CNN learns by limiting the change in weights according to the target during training using the backpropagation method. The human brain’s response-based learning is akin to the optimization of an objective function using a backpropagation method. Deep CNN’s multilayered, hierarchical structure allows it to extract low, mid, and high-level information. Lower and mid-level characteristics are combined to form high-level features (more abstract features). CNN’s hierarchical feature extraction capabilities mimic the neocortex in the human brain’s deep and layered learning process, which dynamically learns features from raw input. CNN’s appeal stems mainly from its ability to extract hierarchical features [5]. Several researchers have contributed to performance improvements of CNN. According to the literature, improvements in CNN are made by optimizing the architectural parameters and weights [6]. Improvement in CNN’s performance can also be achieved by increasing training data, transforming the training data, and adjusting the parameters [7]. In this article, several CNN architectures will be discussed, along with their strengths and limitations.

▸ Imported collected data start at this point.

(* Let $K_t(\omega)$ be a weighted complete graph on $[t]$. Suppose $K_t(\omega)$ contains $p$ copies of $C_5$, $q$ copies of $K_4$, $r$ copies of $K_3$ and $s$ single edges, such that all these $p+q+r+s$ subgraphs are pairwise vertex-disjoint and each of them is half (every edge of each of these subgraphs has weight $\frac12$). Then $$2g(K_t(\omega))\le 1-\frac{30}{30t-75p-72q-45r-20s}.$$
   Context: A weighted complete graph $K_t(\omega)$ is the complete graph on vertex set $[t]$ in which every edge $ij$ has a weight $\omega(i,j)\in\{\frac12,1\}$; an edge is called half if its weight is $\frac12$ and full if its weight is $1$, and a subgraph is half if all its edges are half. Its edge density is $g(K_t(\omega))=\max_{\mathbf u}\sum_{1\le i<j\le t}\omega(i,j)u_iu_j$, the maximum taken over all $\mathbf u=(u_1,\dots,u_t)$ with $u_i\ge 0$ and $\sum_i u_i=1$. *)

From HB Require Import structures.
From mathcomp Require Import all_boot all_order all_algebra.
From mathcomp Require Import all_classical all_reals.
Set Implicit Arguments. Unset Strict Implicit. Unset Printing Implicit Defensive.
Import Order.TTheory GRing.Theory Num.Theory.
Local Open Scope ring_scope.
Local Open Scope classical_set_scope.

(* A weighted complete graph K_t(omega) on vertex set 'I_t (= [t]):
   omega is symmetric and every edge ij (i <> j) has weight 1/2 or 1.
   The diagonal values of omega are irrelevant. *)
Definition weighted_complete (R : realType) (t : nat) (w : 'I_t -> 'I_t -> R) :=
  (forall i j, w i j = w j i) /\
  (forall i j, i != j -> w i j = 1/2 \/ w i j = 1).

Definition in_simplex (R : realType) (t : nat) (u : 'I_t -> R) :=
  (forall i, 0 <= u i) /\ \sum_(i < t) u i = 1.

Definition lagr (R : realType) (t : nat) (w : 'I_t -> 'I_t -> R) (u : 'I_t -> R) : R :=
  \sum_(i < t) \sum_(j < t | (i < j)%N) w i j * u i * u j.

Definition edge_density (R : realType) (t : nat) (w : 'I_t -> 'I_t -> R) : R :=
  sup [set x | exists u : 'I_t -> R, in_simplex u /\ x = lagr w u].

(* A copy of C_5 given by an (injective) vertex map f : 'I_5 -> 'I_t whose
   cycle edges f k -- f (k+1 mod 5) all have weight 1/2. *)
Definition half_C5 (R : realType) (t : nat) (w : 'I_t -> 'I_t -> R)
  (f : 'I_5 -> 'I_t) := forall k : 'I_5, w (f k) (f (ordS k)) = 1/2.

Definition half_K (R : realType) (t n : nat) (w : 'I_t -> 'I_t -> R)
  (f : 'I_n -> 'I_t) := forall k l : 'I_n, k != l -> w (f k) (f l) = 1/2.

(* Injectivity
   of this map = each copy is a genuine subgraph and all copies are
   pairwise vertex-disjoint. *)
Definition all_vertices (t p q r s : nat)
  (c5 : 'I_p -> 'I_5 -> 'I_t) (k4 : 'I_q -> 'I_4 -> 'I_t)
  (k3 : 'I_r -> 'I_3 -> 'I_t) (k2 : 'I_s -> 'I_2 -> 'I_t)
  (x : ('I_p * 'I_5) + (('I_q * 'I_4) + (('I_r * 'I_3) + ('I_s * 'I_2))))
  : 'I_t :=
  match x with
  | inl (a, k) => c5 a k
  | inr (inl (a, k)) => k4 a k
  | inr (inr (inl (a, k))) => k3 a k
  | inr (inr (inr (a, k))) => k2 a k
  end.

From HB Require Import structures.
From mathcomp Require Import all_boot all_order all_algebra.
From mathcomp Require Import all_classical all_reals.
From mathcomp Require Import ring lra.
Import Order.TTheory GRing.Theory Num.Theory.
Local Open Scope ring_scope.
Set Implicit Arguments. Unset Strict Implicit. Unset Printing Implicit Defensive.

(* Fix u in the simplex and a parameter lam.  Writing
     slack i j = (1 - w i j) u_i u_j  (i <> j),   slack i i = 0,
   which is nonnegative because all weights are at most 1, one has the exact
   identity (using sum_i u_i = 1)
     1 - 2 L(u) = D + 2 lam - t lam^2,
     D = sum_i (u_i - lam)^2 + sum_{i,j} slack i j.
   The quantity D restricted to a set of vertices only decreases, and on
   disjoint vertex sets it is superadditive.  On a half C5 it is at least
   5/2 lam^2 (a cyclic sum of squares), on a half K_n at least
   n(n-1)/(n+1) lam^2 (an exact sum of squares).  Adding the blocks gives
   2 L(u) <= 1 - 2 lam + N lam^2 with N = t - 5/2 p - 12/5 q - 3/2 r - 2/3 s,
   and lam = 1/N yields 2 L(u) <= 1 - 1/N, which is the theorem. *)

Section SumFacts.
Variable R : realType.

Lemma sum_inj_le (I J : finType) (g : I -> J) (F : J -> R) :
  injective g -> (forall j, 0 <= F j) -> \sum_i F (g i) <= \sum_j F j.
Proof.
move=> g_inj F_ge0; rewrite -(big_imset F (in2W g_inj)) /=.
rewrite [X in _ <= X](bigID [in [set g i | i in I]]) /=.
by rewrite lerDl sumr_ge0.
Qed.

Lemma sum_lower_bound m (F : 'I_m -> R) b :
  (forall a, b <= F a) -> m%:R * b <= \sum_a F a.
Proof.
move=> bF; rewrite mulr_natl -[X in b *+ X](card_ord m) -sumr_const.
exact: ler_sum.
Qed.

Lemma sumsq_shift n (x : 'I_n -> R) m :
  \sum_k (x k - m) ^+ 2 = \sum_k x k ^+ 2 - 2 * m * \sum_k x k + n%:R * m ^+ 2.
Proof.
under eq_bigr do rewrite sqrrB.
rewrite big_split /= sumrB /= sumr_const card_ord.
rewrite sumrMnl -mulr_suml -[m ^+ 2 *+ n]mulr_natl -mulr_natl; lra.
Qed.

Lemma sum_offdiag n (x : 'I_n -> R) :
  \sum_k \sum_(l | l != k) x k * x l = (\sum_k x k) ^+ 2 - \sum_k x k ^+ 2.
Proof.
rewrite expr2 mulr_suml -sumrB; apply: eq_bigr => k _.
by rewrite mulr_sumr [X in _ = X - _](bigD1 k) //= expr2 addrC addrK.
Qed.

Lemma sym_pairs t (F : 'I_t -> 'I_t -> R) : (forall i j, F i j = F j i) ->
  \sum_i \sum_(j | j != i) F i j = 2 * \sum_(i < t) \sum_(j < t | (i < j)%N) F i j.
Proof.
move=> F_sym.
have split_ne (i : 'I_t) : \sum_(j | j != i) F i j =
    \sum_(j < t | (i < j)%N) F i j + \sum_(j < t | (j < i)%N) F i j.
  rewrite (bigID (fun j : 'I_t => (i < j)%N)) /=; congr (_ + _); apply: eq_bigl => j;
  by rewrite -val_eqE /=; case: (ltngtP i j).
rewrite (eq_bigr _ (fun i _ => split_ne i)) big_split /=.
have -> : \sum_(i < t) \sum_(j < t | (j < i)%N) F i j =
          \sum_(i < t) \sum_(j < t | (i < j)%N) F i j.
  rewrite (eq_bigr _ (fun i _ => big_mkcond _ _)) /= exchange_big /=.
  apply: eq_bigr => i _; rewrite [RHS]big_mkcond; apply: eq_bigr => j _.
  by rewrite F_sym.
lra.
Qed.

Lemma cycle_identity n (x : 'I_n -> R) lam :
  \sum_k (x k - lam) ^+ 2 + \sum_k x k * x (ordS k) =
  n%:R / 2 * lam ^+ 2 + \sum_k (x k + x (ordS k) - lam) ^+ 2 / 2.
Proof.
have shift (F : 'I_n -> R) : \sum_k F (ordS k) = \sum_k F k.
  by rewrite [RHS](reindex_inj (@ordS_inj n)).
have -> : \sum_k (x k + x (ordS k) - lam) ^+ 2 / 2 =
    \sum_k ((x k - lam) ^+ 2 / 2 + (x (ordS k) - lam) ^+ 2 / 2
            + x k * x (ordS k) - lam ^+ 2 / 2).
  by apply: eq_bigr => k _; field.
rewrite !big_split /= sumrN sumr_const card_ord.
rewrite (shift (fun k => (x k - lam) ^+ 2 / 2)) -mulr_suml -mulr_natl; lra.
Qed.

End SumFacts.

Section Defect.
Variables (R : realType) (t : nat) (w : 'I_t -> 'I_t -> R) (u : 'I_t -> R) (lam : R).
Hypothesis w_sym : forall i j, w i j = w j i.
Hypothesis w_le1 : forall i j, i != j -> w i j <= 1.
Hypothesis u_ge0 : forall i, 0 <= u i.

Definition slack (i j : 'I_t) : R := if i == j then 0 else (1 - w i j) * u i * u j.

This study will provide understanding of the essential components and theoretical and mathematical design principles of CNN. The rest of the paper is organized as shown in Figure 2. Section 1 develops a basic understanding of CNN, Section 2 provides knowledge about basic CNN components like convolution, pooling, and fully connected layers, Section 3 presents a mathematical representation of CNN, Section 4 shows a study on CNN architectures, including evolution, origin, and comparison of contemporary architectures, Section 5 presents the challenges of several CNN architectures, and finally conclusion and future work are discussed.

2. Review Protocol

The design of this article is based on a systematic research study. It is an appropriate and consistent procedure to record relevant points of interest in the appropriate study range for inspecting and analyzing all current studies identified. A review protocol for searching and selecting relevant research articles from logical research databases is developed in this research. Figure 2 represents an overview of the review protocol. In the proposed review protocol, publishers, selection criteria, and rejection criteria of research articles are considered. The complete review protocol is described in Figure 3.

2.1. Publisher

In this survey study, the article is selected from IEEE, ACM, Springer, and Elsevier. We also picked some articles having significance from Google Scholar and kept them in the category “Others.”

2.2. Selection Criteria

In this research, a standardized paradigm is prepared for the selection and rejection of articles. Several parameters like subject relevancy, year-wise range, and so on are kept in mind to select relevant research articles from digital libraries. A brief description of the selection and rejection criterion is described below.

2.2.1. Subject Relevancy

Article selected for this study must fit in research setting made as per criteria set in review protocol. It must be incorporating relevant responses, and it must be applied as per predefined standards. Remove the nonsignificant findings that are not in agreement with the predefined settings.

2.2.2. Year-Wise Range

For this study, the research articles of the last ten years (2011 to 2021) are considered. The research repository is set as it should not show any research paper more than ten years old.

2.2.3. Result Oriented

The research articles selected for this study must be result oriented. Before finalizing the article, consider a brief overview of the article, especially in the result section, and confirm that the selected paper has a significant contribution in the relevant field. If the article is not fulfilling the criteria, dismiss it.

2.3. Rejection Criteria

This research is focused on the quality survey. Thus, all irrelevant research articles must be discarded. Below are the settings made for keeping only relevant articles in the research bank.

2.4. Repetition

It is challenging to incorporate all of the research articles collected through a review protocol. Thus, remove the research articles which are not distinguishable as per research settings. Only choose the latest one and remove the remaining.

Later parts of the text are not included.